S6.1: signature analysis is carried out to each sound leakage signal to be analyzed, by calculating each PF component y 'nIt is multiple dimensioned Entropy MSEn, the size for arranging more multiple dimensioned entropy carrys out construction feature vector E=(MSE1, MSE2…MSEn);
S6.2: by different feature vector E1、E2、EnIt constructs trained input matrix A, tests output matrix B, wherein n is Positive integer, according to training sample in BP neural network and test sample ratio (such as: ratio 9:1) determine matrix A, B Sample number.And then according to input matrix A and desired output matrix B, the system parameter of BP neural network is determined;Data are by experiment The multiple dimensioned entropy composition of the PF component of pipe leakage under different pressures.
S6.3: the input characteristic parameter vector matrix of training sample is input in BP neural network classifier and is learned It practises, obtains neural network classification model;
S6.4: the input characteristic parameter vector matrix of sample to be identified is input to trained neural network classifier In, the Classification and Identification of signal is carried out, and export and finally identify true leakage signal.After BP neural network training, obtain pre- Error between measured value and true value, error are indicated by root-mean-square value.The identification of pipe leakage is finally obtained according to error Accuracy rate.
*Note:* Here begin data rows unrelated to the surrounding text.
(* Near the pole of tan(t/2):  trunc K (PI - 2d) <= cot d <= 1/d. *)
Lemma trunc_le_inv K d : 0 < d < PI / 2 -> trunc K (PI - 2 * d) <= / d.
Proof.
intros hd.
assert (H := atan_trunc_le K (PI - 2 * d) ltac:(lra)).
set (T := trunc K (PI - 2 * d)) in *.
destruct (Rle_dec T 0).
{ assert (0 < / d) by (apply Rinv_0_lt_compat; lra). lra. }
assert (hT : 0 < T) by lra.
assert (H1 := atan_inv T hT).
assert (H2 := atan_le_id (/ T) (Rlt_le _ _ (Rinv_0_lt_compat _ hT))).
rewrite <- (Rinv_inv T). apply Rinv_le_contravar; lra.
Qed.

Lemma trunc_scale K x y : 0 < x <= y -> trunc K y <= (y / x) ^ K * trunc K x.
Proof.
intros hxy. unfold trunc. rewrite scal_sum. apply sum_Rle. intros k hk.
assert (hq : 1 <= y / x).
{ apply (Rmult_le_reg_r x); [lra|]. unfold Rdiv. rewrite Rmult_assoc, Rinv_l; lra. }
replace (y ^ k) with ((y / x) ^ k * x ^ k)
  by (rewrite <- Rpow_mult_distr; f_equal; field; lra).
assert ((y / x) ^ k <= (y / x) ^ K) by (apply Rle_pow; auto).
assert (0 <= c k * x ^ k) by (apply Rmult_le_pos; auto; apply pow_le; lra).
replace (c k * ((y / x) ^ k * x ^ k)) with (c k * x ^ k * (y / x) ^ k) by ring.
apply Rmult_le_compat_l; auto.
Qed.
End RiccatiMajorant.

Definition th_abs (n : nat) : R := Rabs (th n).

Lemma th_abs_0 : th_abs 0 = 0.
Proof. unfold th_abs; rewrite th_0; apply Rabs_R0. Qed.

Lemma th_abs_riccati m : INR (S m) * th_abs (S m) <= / 2 * (one m + conv th_abs th_abs m).
Proof.
unfold th_abs. rewrite <- (Rabs_pos_eq (INR (S m))) by apply pos_INR.
rewrite <- Rabs_mult, th_riccati, Rabs_mult, Rabs_pos_eq by lra.
apply Rmult_le_compat_l; [lra|]. change (tvar (S m)) with (one m). simpl mul_t.
eapply Rle_trans; [apply Rabs_triang|].
rewrite Rabs_Ropp, (Rabs_pos_eq (one m)) by (destruct m; simpl; lra).
apply Rplus_le_compat_l. unfold conv. eapply Rle_trans; [apply Rsum_abs|].
apply sum_Rle. intros; rewrite Rabs_mult; lra.
Qed.

Lemma genocchi_egf_S_abs_le k : Rabs (genocchi_egf (S k)) <= one k + th_abs k.
Proof.
change (genocchi_egf (S k)) with (nu k).
replace (nu k) with (one k - th k) by (unfold th; ring).
eapply Rle_trans; [apply Rabs_triang|].
rewrite Rabs_Ropp, (Rabs_pos_eq (one k)) by (destruct k; simpl; lra).
unfold th_abs; lra.
Qed.

Lemma bernoulli_inequality e m : 0 <= e <= 1 -> 1 - INR m * e <= (1 - e) ^ m.
Proof.
intros he. induction m; [simpl; lra|].
rewrite S_INR. simpl.
assert (0 <= (1 - e) ^ m) by (apply pow_le; lra).
assert (0 <= INR m) by apply pos_INR.
nra.
Qed.

(* Evaluating the bound atan (trunc m x) <= x/2 at x = PI - PI/(2m) and
   rescaling to N gives  sum_(k<=m) |th_k| N^k <= (8m/PI) (N/PI)^m. *)
Lemma trunc_th_abs_le m N : (1 <= m)%nat -> PI <= N ->
  trunc th_abs m N <= 8 * INR m * (N / PI) ^ m / PI.
Proof.
intros hm hN.
assert (hPI := PI_RGT_0).
assert (hmR : 1 <= INR m) by (apply (le_INR 1); lia).
set (e := / (2 * INR m)).
set (d := PI / (4 * INR m)).
assert (he : 0 <= e <= / 2).
{ unfold e. split; [left; apply Rinv_0_lt_compat; lra | apply Rinv_le_contravar; lra]. }
assert (hd : 0 < d < PI / 2).
{ unfold d. split; [apply Rdiv_lt_0_compat; lra|].
  apply Rmult_lt_compat_l; [lra|]. apply Rinv_lt_contravar; lra. }
assert (hx : PI - 2 * d = PI * (1 - e)) by (unfold d, e; field; lra).
assert (hpow : 1 / 2 <= (1 - e) ^ m).
{ assert (Hb := bernoulli_inequality e m ltac:(lra)).
  replace (INR m * e) with (1 / 2) in Hb by (unfold e; field; lra). lra. }
assert (Hat := trunc_le_inv th_abs th_abs_0 (fun n => Rabs_pos _) th_abs_riccati m d hd).
assert (Hsc := trunc_scale th_abs (fun n => Rabs_pos _) m (PI - 2 * d) N ltac:(lra)).
assert (Hratio : (N / (PI - 2 * d)) ^ m <= 2 * (N / PI) ^ m).
{ rewrite hx. replace (N / (PI * (1 - e))) with (N / PI * / (1 - e)) by (field; lra).
  rewrite Rpow_mult_distr, pow_inv.
  assert (0 < (N / PI) ^ m) by (apply pow_lt, Rdiv_lt_0_compat; lra).
  rewrite (Rmult_comm 2). apply Rmult_le_compat_l; [lra|].
  replace 2 with (/ (1 / 2)) by field. apply Rinv_le_contravar; lra. }
assert (hT0 := trunc_nonneg th_abs (fun n => Rabs_pos _) m (PI - 2 * d) ltac:(lra)).
replace (8 * INR m * (N / PI) ^ m / PI) with (2 * (N / PI) ^ m * / d)
  by (unfold d; field; lra).
eapply Rle_trans; [exact Hsc|].
apply Rmult_le_compat; auto. apply pow_le. left; apply Rdiv_lt_0_compat; lra.
Qed.

Lemma fact_le_fact_sub_pow n m : (m <= n)%nat ->
  INR (fact n) <= INR (fact (n - m)) * INR n ^ m.
Proof.
induction m; intros hm.
- rewrite Nat.sub_0_r, pow_O. lra.
- assert (IH := IHm ltac:(lia)).
  replace (n - m)%nat with (S (n - S m)) in IH by lia.
  rewrite fact_simpl, mult_INR in IH.
  assert (INR (S (n - S m)) <= INR n) by (apply le_INR; lia).
  assert (0 <= INR (fact (n - S m))) by apply pos_INR.
  assert (0 <= INR n ^ m) by (apply pow_le; apply pos_INR).
  assert (INR (S (n - S m)) * (INR (fact (n - S m)) * INR n ^ m) <=
          INR n * (INR (fact (n - S m)) * INR n ^ m))
    by (apply Rmult_le_compat_r; nra).
  simpl pow. nra.
Qed.

Lemma binom_fact_le_pow n m : (m <= n)%nat -> 0 <= C n m /\ C n m * INR (fact m) <= INR n ^ m.
Proof.
intros hm. unfold C.
assert (h1 : 0 < INR (fact m)) by apply INR_fact_lt_0.
assert (h2 : 0 < INR (fact (n - m))) by apply INR_fact_lt_0.
assert (h3 : 0 <= INR (fact n)) by apply pos_INR.
split; [apply Rmult_le_pos; auto; left; apply Rinv_0_lt_compat; nra|].
replace (INR (fact n) / (INR (fact m) * INR (fact (n - m))) * INR (fact m))
  with (INR (fact n) / INR (fact (n - m))) by (field; lra).
apply (Rmult_le_reg_r (INR (fact (n - m)))); auto.
unfold Rdiv. rewrite Rmult_assoc, Rinv_l by lra.
assert (H := fact_le_fact_sub_pow n m hm). lra.
Qed.

Lemma Fp_term_le n s p j k : (k < s)%nat -> (s <= n)%nat -> (j <= p)%nat ->
  Rabs (C n (S k) * genocchi (S k) * INR p ^ k * INR j ^ (s - 1 - k)) <=
  INR p ^ (s - 1) * INR n * (one k * INR n ^ k + th_abs k * INR n ^ k).
Proof.
intros hk hs hj.
destruct (binom_fact_le_pow n (S k) ltac:(lia)) as [hC1 hC2].
rewrite genocchi_egf_fact, !Rabs_mult.
rewrite (Rabs_pos_eq (C n (S k))) by exact hC1.
rewrite (Rabs_pos_eq (INR (fact (S k)))) by apply pos_INR.
rewrite (Rabs_pos_eq (INR p ^ k)) by (apply pow_le, pos_INR).
rewrite (Rabs_pos_eq (INR j ^ (s - 1 - k))) by (apply pow_le, pos_INR).
assert (hpj : INR p ^ k * INR j ^ (s - 1 - k) <= INR p ^ (s - 1)).
{ replace (INR p ^ (s - 1)) with (INR p ^ k * INR p ^ (s - 1 - k))
    by (rewrite <- pow_add; f_equal; lia).
  apply Rmult_le_compat_l; [apply pow_le, pos_INR|].
  apply pow_incr. split; [apply pos_INR | apply le_INR; auto]. }
assert (hg := genocchi_egf_S_abs_le k).
assert (0 <= Rabs (genocchi_egf (S k))) by apply Rabs_pos.
assert (0 <= INR p ^ k * INR j ^ (s - 1 - k))
  by (apply Rmult_le_pos; apply pow_le; apply pos_INR).
assert (0 <= C n (S k) * INR (fact (S k))) by (apply Rmult_le_pos; auto; apply pos_INR).
replace (C n (S k) * (Rabs (genocchi_egf (S k)) * INR (fact (S k))) * INR p ^ k
           * INR j ^ (s - 1 - k))
  with (C n (S k) * INR (fact (S k)) * Rabs (genocchi_egf (S k))
          * (INR p ^ k * INR j ^ (s - 1 - k))) by ring.
replace (INR p ^ (s - 1) * INR n * (one k * INR n ^ k + th_abs k * INR n ^ k))
  with (INR n ^ S k * (one k + th_abs k) * INR p ^ (s - 1)) by (simpl; ring).
apply Rmult_le_compat; auto; [apply Rmult_le_pos; auto|].
apply Rmult_le_compat; auto.
Qed.

Lemma Fp_abs_le n s p j : (1 <= s <= n)%nat -> (j <= p)%nat ->
  Rabs (Fp n s p (INR j)) <= INR p ^ (s - 1) * INR n * (1 + trunc th_abs (s - 1) (INR n)).
Proof.
intros hs hj. unfold Fp.
eapply Rle_trans; [apply Rsum_abs|].
eapply Rle_trans.
{ apply (sum_Rle _ (fun k => INR p ^ (s - 1) * INR n
                             * (one k * INR n ^ k + th_abs k * INR n ^ k))).
  intros k hk. apply Fp_term_le; lia. }
right. rewrite <- (sum_one_pow (s - 1) (INR n)). unfold trunc.
rewrite <- sum_plus, scal_sum. apply sum_eq; intros; ring.
Qed.

Lemma PI_lt_3_2 : PI < 3.2.
Proof.
destruct (Rlt_or_le PI 3.2) as [h|h]; auto. exfalso.
assert (H1 : 0 <= cos (16/10)) by (apply cos_ge_0; lra).
assert (H2 := COS (16/10) ltac:(lra) ltac:(lra)).
assert (H3 : cos_ub (16/10) < 0).
{ unfold cos_ub, cos_approx. cbv [sum_f_R0]. unfold cos_term.
  rewrite !INR_IZR_INZ.
  replace (Z.of_nat (fact (2 * 0))) with 1%Z by reflexivity.
  replace (Z.of_nat (fact (2 * 1))) with 2%Z by reflexivity.
  replace (Z.of_nat (fact (2 * 2))) with 24%Z by reflexivity.
  replace (Z.of_nat (fact (2 * 3))) with 720%Z by reflexivity.
  replace (Z.of_nat (fact (2 * 4))) with 40320%Z by (vm_compute; reflexivity).
  simpl pow. lra. }
lra.
Qed.

Lemma final_estimate m N P T : (3 <= m)%nat -> INR m + 1 <= N -> 3 <= P ->
  T <= 8 * INR m * (N / PI) ^ m / PI ->
  P ^ m * N * (1 + T) <= 3 * (N * P / PI) ^ (m + 2).
Proof.
intros hm hN hP hT.
assert (hPI := PI_lt_3_2). assert (hPI0 := PI_RGT_0).
assert (hmR : 3 <= INR m) by (replace 3 with (INR 3) by (simpl; ring); apply le_INR; lia).
set (A := N / PI) in *. set (W := A ^ m) in *.
assert (hNA : N = PI * A) by (unfold A; field; lra).
assert (hA : INR m + 1 <= PI * A) by lra.
assert (hA1 : 1 <= A) by nra.
assert (hW1 : 1 <= W) by (apply pow_R1_Rle; auto).
replace ((N * P / PI) ^ (m + 2)) with (W * A ^ 2 * (P ^ m * P ^ 2)).
2: { replace (N * P / PI) with (A * P) by (unfold A; field; lra).
     rewrite Rpow_mult_distr, !pow_add. unfold W. ring. }
assert (hPm : 0 < P ^ m) by (apply pow_lt; lra).
assert (K1 : N * (1 + T) <= PI * A + 8 * INR m * A * W).
{ rewrite hNA. assert (0 <= PI * A) by nra.
  apply Rle_trans with (PI * A * (1 + 8 * INR m * W / PI)).
  - apply Rmult_le_compat_l; lra.
  - right; field; lra. }
assert (K2 : 27 * A >= 8.4375 * (INR m + 1)) by nra.
assert (K3 : W * (27 * A - 8 * INR m) >= 8.4375) by nra.
assert (K4 : PI * A + 8 * INR m * A * W <= 27 * W * A ^ 2) by (simpl; nra).
assert (K5 : 27 * W * A ^ 2 <= 3 * (W * A ^ 2 * P ^ 2)).
{ assert (0 <= W * A ^ 2) by (apply Rmult_le_pos; [lra | apply pow2_ge_0]).
  assert (9 <= P ^ 2) by (simpl; nra). nra. }
replace (P ^ m * N * (1 + T)) with (P ^ m * (N * (1 + T))) by ring.
replace (3 * (W * A ^ 2 * (P ^ m * P ^ 2))) with (P ^ m * (3 * (W * A ^ 2 * P ^ 2))) by ring.
apply Rmult_le_compat_l; lra.
Qed.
The beneficial effects of the present invention are: a kind of pipe leakage letter based on improved ELMD multi-scale entropy provided by the invention Number recognition methods, this method acquire pipeline leakage signal using acoustic emission system, have carried out Signal Pretreatment first, eliminate letter Low Related Component in number.Signal is decomposed by the decomposition of overall local mean value, has obtained several PF components.Pass through peak value wave Shape matching continuation method weakens ELMD and decomposes the end effect problem retained.Then the multiple dimensioned entropy of PF component is calculated, and is arranged The size of the multi-scale entropy of comparison signal judges its complexity, eliminates existing residual components and background after ELMD is decomposed Noise.Finally selection carrys out construction feature vector comprising the PF component of main leakage feature, using this feature vector as BP nerve The input vector of network, is trained network, finally inputs in trained BP neural network sample to be tested and obtains pipeline Leak result.The present invention can accurately identify pipe leakage, and essentially eliminate the ambient noise in signal, low correlation Ingredient and residual components, so that leakage recognition result is more accurate.
Detailed description of the invention
Present invention will be further explained below with reference to the attached drawings and examples.
Fig. 1 is the flow diagram of preferred embodiment;
Fig. 2 is typical BP neural network topology diagram;
Fig. 3 is the time-domain and frequency-domain waveform diagram of original signal;
Fig. 4 is leakage signal autocorrelation analysis figure;
Fig. 5 is leakage signal ELMD decomposition result;
Fig. 6 is PF component variation figure before peak value waveform matching continuation;
Fig. 7 is PF component variation figure after peak value waveform matching continuation;
Fig. 8 is BP neural network algorithm flow chart;
Fig. 9 typical case's BP neural network topological structure;
Figure 10 is BP neuron models figure;
Figure 11 is BP neural network training error change curve;
Figure 12 is predicted value and true value comparison diagram;
Figure 13 is error change figure;
Figure 14 is neural network target to output matched curve.
Specific embodiment
Presently in connection with attached drawing, the present invention is described in detail.This figure is simplified schematic diagram, is only illustrated in a schematic way Basic structure of the invention, therefore it only shows the composition relevant to the invention.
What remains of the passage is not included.